Problem details –
Write only the number of lines in the entries that hold the string "case".

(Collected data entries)
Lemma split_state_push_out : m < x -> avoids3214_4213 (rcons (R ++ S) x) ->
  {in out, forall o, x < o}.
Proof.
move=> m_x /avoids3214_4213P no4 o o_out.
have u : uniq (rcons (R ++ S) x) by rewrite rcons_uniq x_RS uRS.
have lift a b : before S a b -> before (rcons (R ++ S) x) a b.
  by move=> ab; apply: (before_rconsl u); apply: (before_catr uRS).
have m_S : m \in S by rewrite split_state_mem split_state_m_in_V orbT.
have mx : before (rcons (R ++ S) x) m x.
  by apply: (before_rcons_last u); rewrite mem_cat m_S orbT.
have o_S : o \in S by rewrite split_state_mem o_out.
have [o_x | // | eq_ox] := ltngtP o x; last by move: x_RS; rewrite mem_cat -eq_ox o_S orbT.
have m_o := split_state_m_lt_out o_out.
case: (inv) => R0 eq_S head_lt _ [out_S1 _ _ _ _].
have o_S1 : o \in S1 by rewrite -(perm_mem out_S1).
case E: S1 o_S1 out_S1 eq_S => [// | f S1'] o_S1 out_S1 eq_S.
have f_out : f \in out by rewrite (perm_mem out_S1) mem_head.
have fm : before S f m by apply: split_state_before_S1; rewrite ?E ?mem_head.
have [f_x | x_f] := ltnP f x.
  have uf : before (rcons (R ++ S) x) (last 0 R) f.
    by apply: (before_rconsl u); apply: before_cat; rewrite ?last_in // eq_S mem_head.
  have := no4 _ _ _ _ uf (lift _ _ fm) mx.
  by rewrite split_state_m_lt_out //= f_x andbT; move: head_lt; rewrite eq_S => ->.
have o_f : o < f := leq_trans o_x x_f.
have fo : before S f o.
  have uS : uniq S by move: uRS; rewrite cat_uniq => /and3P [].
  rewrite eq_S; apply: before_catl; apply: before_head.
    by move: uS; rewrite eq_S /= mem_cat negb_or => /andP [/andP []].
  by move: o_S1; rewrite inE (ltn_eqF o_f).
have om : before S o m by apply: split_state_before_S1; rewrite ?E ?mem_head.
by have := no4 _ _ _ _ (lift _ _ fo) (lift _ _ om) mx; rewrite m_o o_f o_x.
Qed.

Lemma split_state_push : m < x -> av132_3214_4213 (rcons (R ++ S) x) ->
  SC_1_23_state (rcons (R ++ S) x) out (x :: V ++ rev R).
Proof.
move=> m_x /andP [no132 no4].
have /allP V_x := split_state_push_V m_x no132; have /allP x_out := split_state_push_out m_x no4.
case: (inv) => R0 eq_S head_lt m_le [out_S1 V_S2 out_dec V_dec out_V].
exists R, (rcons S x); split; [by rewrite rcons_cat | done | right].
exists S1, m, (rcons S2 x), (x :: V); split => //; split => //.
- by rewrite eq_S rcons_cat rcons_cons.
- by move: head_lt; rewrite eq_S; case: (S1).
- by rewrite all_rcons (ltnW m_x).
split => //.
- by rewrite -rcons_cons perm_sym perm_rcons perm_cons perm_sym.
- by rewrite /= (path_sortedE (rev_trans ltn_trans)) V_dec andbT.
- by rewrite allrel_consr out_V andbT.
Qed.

Response area –
4